[Dataset records]
● ● ●

(* Let $k\ge 1$, let $\alpha=\alpha(t,x,x_1)$, $\beta=\beta(t,x,x_1)$, $\gamma^{(1)}=\gamma^{(1)}(t,x,x_1)$ be smooth with $\beta-\alpha x_1\neq 0$, and let $\tau^{(k)}=\alpha\partial_t+\beta\partial_x+\sum_{i=1}^k\gamma^{(i)}\partial_{x_i}$ be the telescopic vector field with $\gamma^{(i)}$, $2\le i\le k$, defined by $$\gamma^{(i)}=D_t(\gamma^{(i-1)})-D_t(\alpha)x_i+\frac{\gamma^{(1)}+x_1D_t\alpha-D_t\beta}{\beta-x_1\alpha}\big(\gamma^{(i-1)}-\alpha x_i\big).$$ Then, as derivations acting on functions of $(t,x,x_1,\ldots,x_{k-1})$, $$[\tau^{(k)},D_t]=\lambda\,\tau^{(k)}+\mu\,D_t,\qquad \lambda=\frac{\gamma^{(1)}+x_1D_t\alpha-D_t\beta}{\beta-x_1\alpha},\quad \mu=-(D_t+\lambda)(\alpha).$$ Consequently, the coefficients of $\tau^{(k)}$ satisfy the $\lambda$-prolongation recurrence for this $\lambda$ (which depends on $(t,x,x_1,x_2)$), i.e. formally $\tau^{(k)}=(\alpha\partial_t+\beta\partial_x)^{[\lambda,(k)]}$.
   Context: Jet coordinates $(t,x,x_1,x_2,\ldots)$, $x_i=d^ix/dt^i$; $D_t=\partial_t+x_1\partial_x+x_2\partial_{x_1}+\cdots$ the total derivative. For functions $\rho,\phi^0,\lambda$ possibly depending on finitely many jet variables, the formal $\lambda$-prolongation $(\rho\partial_t+\phi^0\partial_x)^{[\lambda,(k)]}=\rho\partial_t+\phi^0\partial_x+\sum_{i=1}^k\phi^{[\lambda,(i)]}\partial_{x_i}$ is defined by $\phi^{[\lambda,(0)]}=\phi^0$ and $\phi^{[\lambda,(i)]}=D_t(\phi^{[\lambda,(i-1)]})-D_t(\rho)x_i+\lambda(\phi^{[\lambda,(i-1)]}-\rho x_i)$. *)

From Stdlib Require Import Reals Lra ClassicalEpsilon.
Open Scope R_scope.

(* A point of the jet space is (t, s) with s 0 = x and s i = x_i = d^i x/dt^i.
   A (jet) function is a real function of such points. *)
Definition JFun := R -> (nat -> R) -> R.

Definition upd (s : nat -> R) (i : nat) (u : R) : nat -> R :=
  fun j => if Nat.eqb j i then u else s j.

Definition depends_upto (N : nat) (f : JFun) : Prop :=
  forall t s s', (forall i, (i <= N)%nat -> s i = s' i) -> f t s = f t s'.

(* partial derivatives d/dt and d/dx_i (chosen classically; meaningful where they exist) *)
Definition pt (f : JFun) : JFun := fun t s =>
  epsilon (inhabits 0) (fun l => derivable_pt_lim (fun u => f u s) t l).
Definition px (i : nat) (f : JFun) : JFun := fun t s =>
  epsilon (inhabits 0) (fun l => derivable_pt_lim (fun u => f t (upd s i u)) (s i) l).

(* total derivative D_t = d_t + x_1 d_x + x_2 d_{x_1} + ... (formal series, as a limit of partial sums) *)
Definition Dt (f : JFun) : JFun := fun t s =>
  pt f t s + epsilon (inhabits 0)
    (fun l => Un_cv (fun n => sum_f_R0 (fun i => s (S i) * px i f t s) n) l).

(* continuity on jet space (product topology) *)
Definition jcont (f : JFun) : Prop :=
  forall t s eps, 0 < eps -> exists N delta, 0 < delta /\
    forall t' s', Rabs (t' - t) < delta ->
      (forall i, (i <= N)%nat -> Rabs (s' i - s i) < delta) ->
      Rabs (f t' s' - f t s) < eps.

Fixpoint Ck (n : nat) (f : JFun) : Prop :=
  jcont f /\
  match n with
  | O => True
  | S m =>
      (forall t s, exists l, derivable_pt_lim (fun u => f u s) t l) /\
      (forall i t s, exists l, derivable_pt_lim (fun u => f t (upd s i u)) (s i) l) /\
      Ck m (pt f) /\ (forall i, Ck m (px i f))
  end.

Definition smooth (f : JFun) : Prop :=
  (exists N, depends_upto N f) /\ forall n, Ck n f.

Definition lam (al be ga1 : JFun) : JFun := fun t s =>
  (ga1 t s + s 1%nat * Dt al t s - Dt be t s) / (be t s - s 1%nat * al t s).

Definition mu (al be ga1 : JFun) : JFun := fun t s =>
  - (Dt al t s + lam al be ga1 t s * al t s).

(* telescopic coefficients gamma^(i): gamma^(1) given, gamma^(i) for i >= 2 by recursion.
   (index 0 is set to beta, unused by tau) *)
Fixpoint tgam (al be ga1 : JFun) (i : nat) : JFun :=
  match i with
  | O => be
  | S j =>
      match j with
      | O => ga1
      | S _ => fun t s =>
          Dt (tgam al be ga1 j) t s - Dt al t s * s i
          + lam al be ga1 t s * (tgam al be ga1 j t s - al t s * s i)
      end
  end.

Definition tau (k : nat) (al be ga1 : JFun) (f : JFun) : JFun := fun t s =>
  al t s * pt f t s + be t s * px 0 f t s
  + sum_f_R0 (fun j => tgam al be ga1 (S j) t s * px (S j) f t s) (k - 1).

(* lambda-prolongation coefficients phi^[lambda,(i)] of rho d_t + phi0 d_x *)
Fixpoint prolong (l rho phi0 : JFun) (i : nat) : JFun :=
  match i with
  | O => phi0
  | S j => fun t s =>
      Dt (prolong l rho phi0 j) t s - Dt rho t s * s i
      + l t s * (prolong l rho phi0 j t s - rho t s * s i)
  end.

(* The proof separates the analysis from the algebra.
   - Analytic layer: partial derivatives pt, px i on jet space obey the usual
     sum, product and quotient rules; smoothness (C^n for all n) and finite
     dependence are closed under these operations; for a function depending on
     x_0..x_N the formal series D_t is the finite sum
     pt + sum_{i<=N} x_{i+1} px_i (Dt_form), so D_t is a derivation, and by
     Schwarz's theorem it commutes with pt and satisfies
     px_j D_t = D_t px_j + px_{j-1}.
   - From these commutation rules, for any vector field
     X = a pt + sum_{j<=K+1} g_j px_j and f depending on x_0..x_K,
     [X, D_t] f = - D_t(a) pt f + sum_{j<=K} (g_{j+1} - D_t g_j) px_j f.
   - For tau^(k) the coefficients satisfy the lambda-prolongation recurrence
     g_{j+1} - D_t g_j = - D_t(a) x_{j+1} + lambda (g_j - a x_{j+1})
     (for j = 0 this is the definition of lambda), and a telescoping
     rearrangement turns the formula above into lambda tau f + mu D_t f. *)
From Stdlib Require Import Reals Lra Lia FunctionalExtensionality ClassicalEpsilon.
From Coquelicot Require Import Coquelicot.
Open Scope R_scope.

Ltac fext := let t := fresh "t" in let s := fresh "s" in
  apply functional_extensionality; intro t; apply functional_extensionality; intro s.

Lemma upd_same s i u : upd s i u i = u.
Proof. unfold upd. now rewrite Nat.eqb_refl. Qed.

Lemma upd_other s i u j : j <> i -> upd s i u j = s j.
Proof. intro H. unfold upd. destruct (Nat.eqb_spec j i); [contradiction | reflexivity]. Qed.

Lemma upd_upd s i v w : upd (upd s i v) i w = upd s i w.
Proof. apply functional_extensionality; intro m. unfold upd. now destruct (Nat.eqb m i). Qed.
Lemma cnorm_rscal r a : cnorm (Crscal r a) = Rabs r * cnorm a.
Proof. unfold cnorm, Crscal; simpl. rewrite !Rabs_mult; ring. Qed.

Lemma cnorm_mul a b : cnorm (Cmul a b) <= cnorm a * cnorm b.
Proof.
  unfold cnorm, Cmul; simpl. destruct a as [a1 a2], b as [b1 b2]; simpl.
  pose proof (Rabs_triang (a1*b1) (- (a2*b2))).
  pose proof (Rabs_triang (a1*b2) (a2*b1)).
  unfold Rminus. rewrite Rabs_Ropp in H. rewrite !Rabs_mult in *.
  pose proof (Rabs_pos a1); pose proof (Rabs_pos a2); pose proof (Rabs_pos b1);
  pose proof (Rabs_pos b2). nra.
Qed.

Lemma cnorm_C0 : cnorm C0 = 0.
Proof. unfold cnorm, C0; simpl. rewrite Rabs_R0; lra. Qed.

Lemma cnorm_csum n f : cnorm (csum n f) <= rsum n (fun k => cnorm (f k)).
Proof.
  induction n; simpl. rewrite cnorm_C0; lra.
  pose proof (cnorm_add (csum n f) (f n)). lra.
Qed.

Lemma mnorm_nonneg r c A : 0 <= mnorm r c A.
Proof. unfold mnorm. apply rsum_nonneg; intros; apply rsum_nonneg; intros; apply cnorm_nonneg. Qed.

Lemma mnorm_add r c A B : mnorm r c (madd A B) <= mnorm r c A + mnorm r c B.
Proof.
  unfold mnorm. rewrite <- rsum_add. apply rsum_le; intros. rewrite <- rsum_add.
  apply rsum_le; intros. apply cnorm_add.
Qed.

Lemma mnorm_neg r c A : mnorm r c (mneg A) = mnorm r c A.
Proof. unfold mnorm. apply rsum_ext; intros; apply rsum_ext; intros. apply cnorm_neg. Qed.

Lemma mnorm_rscal r c a A : mnorm r c (mrscal a A) = Rabs a * mnorm r c A.
Proof.
  unfold mnorm. rewrite <- rsum_scal. apply rsum_ext; intros. rewrite <- rsum_scal.
  apply rsum_ext; intros. apply cnorm_rscal.
Qed.
Lemma card_query_fiber (Qv : 'I_n -> 'I_(alpha n k t) -> 'rV[F]_(alpha' n k t * m)) :
  #|[set R : rand_t F n k t m |
      [forall l in T, forall c : 'I_(alpha n k t), query (Rnat R) a l c == Qv l c]]| = 1.
Proof.
pose e (s : 'I_t) : 'I_n := enum_val (cast_ord (esym card_T) s).
have e_T s : e s \in T by apply: enum_valP.
pose e_inv l (l_T : l \in T) := cast_ord card_T (enum_rank_in l_T l).
have e_invK l (l_T : l \in T) : e (e_inv l l_T) = l by rewrite /e cast_ordK enum_rankK_in.
pose G R : rand_t F n k t m :=
  [ffun sc : 'I_t * 'I_(alpha n k t) => query (Rnat R) a (e sc.1) sc.2].
have G_inj : injective G.
  move=> R R' eq_G; apply: query_inj => l c l_T.
  have := congr1 (fun f : rand_t F n k t m => f (e_inv l l_T, c)) eq_G.
  by rewrite !ffunE /= e_invK.
pose y : rand_t F n k t m := [ffun sc => Qv (e sc.1) sc.2].
apply: etrans (_ : _ = #|G @^-1: [set y]|) _; last by rewrite card_preimset // cards1.
apply: eq_card => R; rewrite !inE; apply/forallP/eqP => [Q_eq | GR_eq l].
  apply/ffunP => -[s c]; rewrite !ffunE /=.
  by have /implyP/(_ (e_T s))/forallP/(_ c)/eqP := Q_eq (e s).
apply/implyP => l_T; apply/forallP => c.
have := congr1 (fun f : rand_t F n k t m => f (e_inv l l_T, c)) GR_eq.
by rewrite !ffunE /= e_invK => ->.
Qed.

End Privacy.

End Matrix.

End Staircase.

Theorem theorem1 (F : finFieldType) (n k t m : nat) (a : 'I_n -> F) :
  (1 <= t)%N -> (t < k)%N -> (k <= n)%N -> (1 <= m)%N ->
  (n < #|F|)%N -> injective a -> (forall l, a l != 0%R) ->
  (forall (T : {set 'I_n}), #|T| = t ->
   forall (i i' : 'I_m) (Qv : 'I_n -> 'I_(alpha n k t) -> 'rV[F]_(alpha' n k t * m)),
     #|[set R : rand_t F n k t m |
          [forall l in T, forall c : 'I_(alpha n k t),
             query F n k t m (val i) (Rnat R) a l c == Qv l c]]|
     = #|[set R : rand_t F n k t m |
          [forall l in T, forall c : 'I_(alpha n k t),
             query F n k t m (val i') (Rnat R) a l c == Qv l c]]|)
  /\
  (forall mu : nat, (k <= mu <= n)%N ->
   forall L : {set 'I_n}, #|L| = mu ->
     ((mu - t) %| alpha' n k t)%N
     /\ (forall (i : 'I_m) (R : rand_t F n k t m),
          exists dec : ('I_n -> nat -> F) -> nat -> F,
          forall x : 'rV[F]_(alpha' n k t * m), forall j : nat, (j < alpha' n k t)%N ->
            dec (fun l c => if (l \in L) && (c < alpha' n k t %/ (mu - t))%N
                            then answer F n k t m (val i) (Rnat R) a x l c else 0%R) j
            = dot (evec F n k t m (val i) j) x)
     /\ ((alpha' n k t)%:R / (mu * (alpha' n k t %/ (mu - t)))%N%:R
         = 1 - t%:R / mu%:R :> rat)%R).
Proof.
move=> _ t_lt_k k_le_n _ _ a_inj a_neq0; split.
  by move=> T card_T i i' Qv; rewrite !card_query_fiber.
move=> mu /andP[k_le_mu mu_le_n] L card_L.
have ncols_mu' : ncols n k t (n - mu).+1 * (mu - t) = alpha' n k t by apply: ncols_mu.
have [ncols_gt0 t_lt_mu] : 0 < ncols n k t (n - mu).+1 /\ t < mu.
  have : 0 < alpha' n k t by apply: alpha'_gt0.
  by rewrite -ncols_mu' muln_gt0 subn_gt0 => /andP.
have B_eq : alpha' n k t %/ (mu - t) = ncols n k t (n - mu).+1.
  by rewrite -ncols_mu' mulnK // subn_gt0.
split; first by rewrite -ncols_mu' dvdn_mull.
split; first by move=> i R; apply: staircase_decoder.
by rewrite B_eq -ncols_mu' rate_eq.
Qed.
Section Bounds.
Variables (R : realType) (n : nat) (br : 'rV[R]_n -> 'rV[R]_n -> 'rV[R]_n).
Hypothesis br_lie : is_lie_bracket br.
Variables (Psi : 'M[R]_n) (Mb Mp : R).
Hypotheses (PsiT : Psi^T = Psi) (Mb_ge0 : 0 <= Mb) (Mp_ge0 : 0 <= Mp).
Hypothesis br_le : forall x y, vnorm (br x y) <= Mb * vnorm x * vnorm y.
Hypothesis mulPsi_le : forall x, vnorm (x *m Psi) <= Mp * vnorm x.
Implicit Types (a b x y : 'rV[R]_n).

Lemma normr_dot_mulPsi_le x y : `|dot (x *m Psi) y| <= Mp * vnorm x * vnorm y.
Proof.
apply: le_trans (normr_dot_le _ _) _; apply: ler_wpM2r; first exact: vnorm_ge0.
exact: mulPsi_le.
Qed.

Lemma vnorm_br_mulPsil_le x y : vnorm (br (x *m Psi) y) <= Mb * Mp * (vnorm x * vnorm y).
Proof.
apply: le_trans (br_le _ _) _; rewrite -!mulrA; apply: ler_wpM2l => //.
by rewrite !mulrA; apply: ler_wpM2r; [exact: vnorm_ge0 | exact: mulPsi_le].
Qed.

Lemma vnorm_br_mulPsir_le x y : vnorm (br x (y *m Psi)) <= Mb * Mp * (vnorm x * vnorm y).
Proof.
apply: le_trans (br_le _ _) _; rewrite -!mulrA; apply: ler_wpM2l => //.
by rewrite mulrCA; apply: ler_wpM2l; [exact: vnorm_ge0 | exact: mulPsi_le].
Qed.

(* The three quantities below are unchanged under [b |-> b + l a], which reduces
   them to the case [b] orthogonal to [a], where [|a| |b| = |a /\ b|]. *)
Lemma vnorm_br_PsiPsi_le a b : vnorm (br_PsiPsi br Psi a b) <= Mb * Mp * Mp * wedge_norm a b.
Proof.
have [l [b' [-> <-]]] := wedge_norm_decomp a b.
rewrite /br_PsiPsi mulmxDl -scalemxAl (brDr br_lie) (brZr br_lie) (brxx br_lie) scaler0 addr0.
apply: le_trans (br_le _ _) _; rewrite -!mulrA; apply: ler_wpM2l => //.
have := mulPsi_le a; have := mulPsi_le b'.
have := vnorm_ge0 (a *m Psi); have := vnorm_ge0 (b' *m Psi).
by have := vnorm_ge0 a; have := vnorm_ge0 b'; nra.
Qed.

Lemma vnorm_br_Psi_sum_le a b : vnorm (br_Psi_sum br Psi a b) <= 2 * Mb * Mp * wedge_norm a b.
Proof.
have [l [b' [-> <-]]] := wedge_norm_decomp a b.
rewrite /br_Psi_sum mulmxDl -scalemxAl !(brDr br_lie) !(brZr br_lie) (brC br_lie a (a *m Psi)).
rewrite scalerN addrAC -!addrA addNr addr0.
apply: le_trans (vnormD _ _) _.
by have := vnorm_br_mulPsil_le a b'; have := vnorm_br_mulPsir_le a b'; lra.
Qed.

Lemma curv_t3_shift a b (l : R) : curv_t3 br Psi a (b + l *: a) = curv_t3 br Psi a b.
Proof.
rewrite /curv_t3 !(mulmxDl, =^~scalemxAl, brDl br_lie, brDr br_lie, brZl br_lie, brZr br_lie).
rewrite (brC br_lie a (a *m Psi)) (brC br_lie (b *m Psi) a).
rewrite ?(mulmxDl, mulmxBl, mulNmx, =^~scalemxAl).
rewrite ?(dotDl, dotDr, dotBl, dotBr, dotNl, dotNr, dotZl, dotZr).
set c := br (a *m Psi) a; set p := br (a *m Psi) b; set q := br a (b *m Psi).
rewrite ?[dot (c *m Psi) p](dot_mulPsiC PsiT) ?[dot (c *m Psi) q](dot_mulPsiC PsiT).
rewrite ?[dot (q *m Psi) p](dot_mulPsiC PsiT).
by field.
Qed.

Lemma normr_curv_t3_le a b :
  `|curv_t3 br Psi a b| <= 2 * Mp * Mp * Mp * Mb * Mb * wedge_norm a b ^+ 2.
Proof.
have [l [b' [-> <-]]] := wedge_norm_decomp a b.
rewrite curv_t3_shift /curv_t3.
set u := br (a *m Psi) b' - br a (b' *m Psi).
have u_le : vnorm u <= 2 * (Mb * Mp * (vnorm a * vnorm b')).
  apply: le_trans (vnormB _ _) _.
  by have := vnorm_br_mulPsil_le a b'; have := vnorm_br_mulPsir_le a b'; lra.
have := normr_dot_mulPsi_le (br (b' *m Psi) b') (br a (a *m Psi)).
have := normr_dot_mulPsi_le u u.
have := vnorm_br_mulPsil_le b' b'; have := vnorm_br_mulPsir_le a a.
have := vnorm_ge0 a; have := vnorm_ge0 b'; have := vnorm_ge0 u.
have := vnorm_ge0 (br (b' *m Psi) b'); have := vnorm_ge0 (br a (a *m Psi)).
set A := vnorm a; set B := vnorm b'; set U := vnorm u.
set E := vnorm (br (b' *m Psi) b'); set F := vnorm (br a (a *m Psi)).
set d1 := dot (br (b' *m Psi) b' *m Psi) (br a (a *m Psi)).
set d2 := dot (u *m Psi) u.
move=> F0 E0 U0 B0 A0 E_le F_le d2_le d1_le.
have EF : E * F <= (Mb * Mp * (B * B)) * (Mb * Mp * (A * A)) by apply: ler_pM.
have UU : U * U <= (2 * (Mb * Mp * (A * B))) * (2 * (Mb * Mp * (A * B))) by apply: ler_pM.
have d1_le' : `|d1| <= Mp * (Mb * Mp * (B * B)) * (Mb * Mp * (A * A)).
  by apply: le_trans d1_le _; rewrite -mulrA -[X in _ <= X]mulrA; exact: ler_wpM2l.
have d2_le' : `|d2| <= Mp * ((2 * (Mb * Mp * (A * B))) * (2 * (Mb * Mp * (A * B)))).
  by apply: le_trans d2_le _; rewrite -mulrA; exact: ler_wpM2l.
apply: le_trans (ler_normD _ _) _.
rewrite normrM [`|1/4|]ger0_norm; last lra.
have -> : 2 * Mp * Mp * Mp * Mb * Mb * (A * B) ^+ 2 =
  Mp * (Mb * Mp * (B * B)) * (Mb * Mp * (A * A)) +
  1/4 * (Mp * ((2 * (Mb * Mp * (A * B))) * (2 * (Mb * Mp * (A * B))))) by field.
by apply: lerD => //; apply: ler_wpM2l => //; lra.
Qed.

End Bounds.

Lemma normr_expS_le {R : realType} (t x y : R) (m : nat) : 0 <= t -> t <= 1 -> `|x| <= y ->
  `|t ^+ m.+1 * x| <= t * y.
Proof.
move=> t0 t1 xy; rewrite normrM ger0_norm ?exprn_ge0 // exprS -mulrA; apply: ler_wpM2l => //.
have := ler_pM (exprn_ge0 m t0) (normr_ge0 x) (exprn_ile1 m t0 t1) xy.
by rewrite mul1r.
Qed.

Section Estimate.
Variables (R : realType) (n : nat) (br : 'rV[R]_n -> 'rV[R]_n -> 'rV[R]_n).
Hypotheses (br_lie : is_lie_bracket br) (br_inv : ad_invariant br).
Variables (k Psi : 'M[R]_n).
Hypotheses (k_sub : subalgebra br k) (PsiT : Psi^T = Psi).
Hypothesis Psi_s : forall x, in_s k x -> x *m Psi = 0.
Variables (Mb Mp C : R).
Hypotheses (Mb_ge0 : 0 <= Mb) (Mp_ge0 : 0 <= Mp) (C_ge0 : 0 <= C).
Hypothesis br_le : forall x y, vnorm (br x y) <= Mb * vnorm x * vnorm y.
Hypothesis mulPsi_le : forall x, vnorm (x *m Psi) <= Mp * vnorm x.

● ● ●

» About this task: Starting with the line with "wedge_norm a b ^+ 2." above and going on through the line with "have := normr_dot_mulPsi_le (br", transcribe every line exactly, both ends included, and add nothing.

» Written answer:
  `|curv_t3 br Psi a b| <= 2 * Mp * Mp * Mp * Mb * Mb * wedge_norm a b ^+ 2.
Proof.
have [l [b' [-> <-]]] := wedge_norm_decomp a b.
rewrite curv_t3_shift /curv_t3.
set u := br (a *m Psi) b' - br a (b' *m Psi).
have u_le : vnorm u <= 2 * (Mb * Mp * (vnorm a * vnorm b')).
  apply: le_trans (vnormB _ _) _.
  by have := vnorm_br_mulPsil_le a b'; have := vnorm_br_mulPsir_le a b'; lra.
have := normr_dot_mulPsi_le (br (b' *m Psi) b') (br a (a *m Psi)).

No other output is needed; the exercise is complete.